I have three implementations of a function that checks whether a string (or a space delimited phrase) is a palindrome:
def palindrome(str_in):
def p(s, i, j):
if i >= j:
return True
elif s[i] != s[j]:
return False
else:
return p(s, i+1, j-1)
return p(str_in.replace(' ', '').lower(), 0, len(str_in)-1)
def palindrome1(s):
st = s.replace(' ', '').lower()
return st == st[::-1]
def palindrome2(s):
st = s.replace(' ', '').lower()
i, j = 0, len(st)-1
while i < j:
if st[i] != st[j]:
return False
else:
i += 1
j -= 1
return True
Now, I figured palindrome()
would be optimal in theory because no reversing and extra memory is taking place, but python does not have tail call optimization. palindrome2()
is the imperative version of palindrome()
but still takes much longer than palindrome1()
. Why is this?
Here is the profiled results (ran with: python -m cProfile file.py
):
12 function calls in 45.341 seconds
Ordered by: standard name
ncalls tottime percall cumtime percall filename:lineno(function)
1 0.232 0.232 45.341 45.341 file.py:1(<module>)
1 2.198 2.198 3.532 3.532 file.py:300(palindrome1)
1 39.442 39.442 40.734 40.734 file.py:304(palindrome2)
1 0.000 0.000 0.000 0.000 {len}
1 0.000 0.000 0.000 0.000 {method 'disable' of '_lsprof.Profiler' objects}
2 2.396 1.198 2.396 1.198 {method 'lower' of 'str' objects}
1 0.843 0.843 0.843 0.843 {method 'read' of 'file' objects}
2 0.231 0.115 0.231 0.115 {method 'replace' of 'str' objects}
1 0.000 0.000 0.000 0.000 {open}
1 0.000 0.000 0.000 0.000 {sys.setrecursionlimit}
Here is the profiled results(ran with: pypy -m cProfile hw2.py
):
11 function calls in 12.470 seconds
Ordered by: standard name
ncalls tottime percall cumtime percall filename:lineno(function)
1 0.011 0.011 12.470 12.470 hw2.py:1(<module>)
1 2.594 2.594 6.280 6.280 hw2.py:303(palindrome1)
1 0.852 0.852 4.347 4.347 hw2.py:307(palindrome2)
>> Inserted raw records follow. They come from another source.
(* Let $\mathbb P$ be a probability measure on $\Omega_+$ under which $(\omega(x))_{x\ge0}$ is stationary. Then $E_0[D^x_\infty]\le1$ for all $x\ge0$.
   Context: Cookie environments: $\Omega_+=([1/2,1]^{\mathbb N})^{\mathbb Z}$, $\omega(x)=(\omega(x,i))_{i\ge1}$. $P_{x,\omega}$ is the law of the nearest-neighbor process $(X_n)_{n\ge0}$ with $X_0=x$ which, on its $i$-th visit to site $z$, jumps to $z+1$ with probability $\omega(z,i)$ and to $z-1$ otherwise. Annealed measure $P_x[\cdot]=\mathbb E[P_{x,\omega}[\cdot]]$, with expectation $E_x$. $D_n^x=\sum_{i=1}^{\#\{m<n:X_m=x\}}(2\omega(x,i)-1)$ and $D_\infty^x=\lim_{n\to\infty}D_n^x$ (total drift of the cookies at $x$ eaten by the walk). *)

From HB Require Import structures.
From mathcomp Require Import all_boot all_order all_algebra.
From mathcomp Require Import all_classical all_reals all_analysis.
Set Implicit Arguments. Unset Strict Implicit. Unset Printing Implicit Defensive.
Import Order.TTheory GRing.Theory Num.Theory.
Local Open Scope classical_set_scope.
Local Open Scope ring_scope.

Section Cookies.
Variable R : realType.

Definition cookie : Type := {p : R | (2^-1 <= p <= 1)%R}.

Lemma cookie1_proof : (2^-1 <= (1:R) <= 1)%R.
Proof. by rewrite lexx andbT invf_le1 // ler1n. Qed.

HB.instance Definition _ := Choice.on cookie.
HB.instance Definition _ := isPointed.Build cookie (exist _ 1 cookie1_proof).

(* Omega_+ = ([1/2,1]^N)^Z ; omega z i is the (i+1)-th cookie at site z *)
Definition Omega0 : Type := int -> nat -> cookie.

Definition coord (z : int) (i : nat) (w : Omega0) : R := sval (w z i).

Definition coordSets : set (set Omega0) :=
  [set A | exists z i (B : set R), measurable B /\ A = coord z i @^-1` B].
Lemma disjoint_split (es fs : seq B) : all (fun x => x != \bot) (es ++ fs) ->
  exists b c, [/\ b `&` c = \bot,
     (forall e, e \in es -> b `&` e != \bot),
     (forall f, f \in fs -> c `&` f != \bot),
     b <= \join_(e <- es) e & c <= \join_(f <- fs) f].
Proof.
move=> /disjoint_refinement [ys [/all2_catr [ys1 [ys2 [-> a1 a2]]]]].
rewrite pairwise_cat => /and3P[ar _ _].
exists (\join_(y <- ys1) y), (\join_(y <- ys2) y); split.
- rewrite meetC; apply: meet_joins_bot => a ain; rewrite meetC.
  by apply: meet_joins_bot => b bin; apply/eqP; apply: (allrelP ar).
- move=> e ein; have [y yin /andP[ye yn]] := all2_exl a1 ein.
  by apply: le_neq_bot yn; rewrite lexI joins_sup_seq.
- move=> e ein; have [y yin /andP[ye yn]] := all2_exl a2 ein.
  by apply: le_neq_bot yn; rewrite lexI joins_sup_seq.
- apply/joinsP_seq => y yin _; have [e ein /andP[ye _]] := all2_exr a1 yin.
  by apply: le_trans ye _; apply: joins_sup_seq.
- apply/joinsP_seq => y yin _; have [e ein /andP[ye _]] := all2_exr a2 yin.
  by apply: le_trans ye _; apply: joins_sup_seq.
Qed.

End AtomlessRefinement.

Section LabelledTrees.
Variables (d : Order.disp_t) (B : ctbDistrLatticeType d).
Local Notation label := (B * node)%type.
Implicit Types (p q : {fset label}) (b : B) (v w : node).

Definition branch_meet p w : B := \meet_(z <- p | ancestor z.2 w) z.1.

Lemma branch_meetP p w x :
  x <= branch_meet p w <-> forall z, z \in p -> ancestor z.2 w -> x <= z.1.
Proof. by split => [/meetsP_seq|H]; [|apply/meetsP_seq]. Qed.

Lemma branch_meet_le p w z : z \in p -> ancestor z.2 w -> branch_meet p w <= z.1.
Proof. by move=> zp aw; apply: meets_inf_seq. Qed.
1 0.000 0.000 0.000 0.000 {len}
1 0.000 0.000 0.000 0.000 {method 'disable' of '_lsprof.Profiler' objects}
2 3.263 1.631 3.263 1.631 {method 'lower' of 'str' objects}
1 1.832 1.832 1.832 1.832 {method 'read' of 'file' objects}
2 3.918 1.959 3.918 1.959 {method 'replace' of 'str' objects}
1 0.000 0.000 0.000 0.000 {sys.setrecursionlimit}
Here is my palindrome constructor:
def palindrome_maker(n):
from random import choice
alphabet = ' abcdefghijklmnopqrstuvwxyz'
front = ''.join([choice(alphabet) for _ in range(n//2)])
back = front[::-1]
return front + (choice(alphabet) if n%2==1 else '') + back
BTW: the profile shows the performance for calling the functions with a string of length 999999999
.
OK, so let's talk from the begining. CPython compiles visible text into a thing called bytecode, which is a representation that is easier for the virtual machine (i.e. the interpreter) to understand.
Both palindrome
and palindrome2
functions are slower then palindrome1
because of this overhead. There's a neat module in CPython called dis
. If you use it on a compiled function it will show its internal representation. So lets do this:
>>> dis.dis(palindrome)
2 0 LOAD_CLOSURE 0 (p)
3 BUILD_TUPLE 1
6 LOAD_CONST 1 (<code object p at 0x01B95110, file "<stdin>", line 2>)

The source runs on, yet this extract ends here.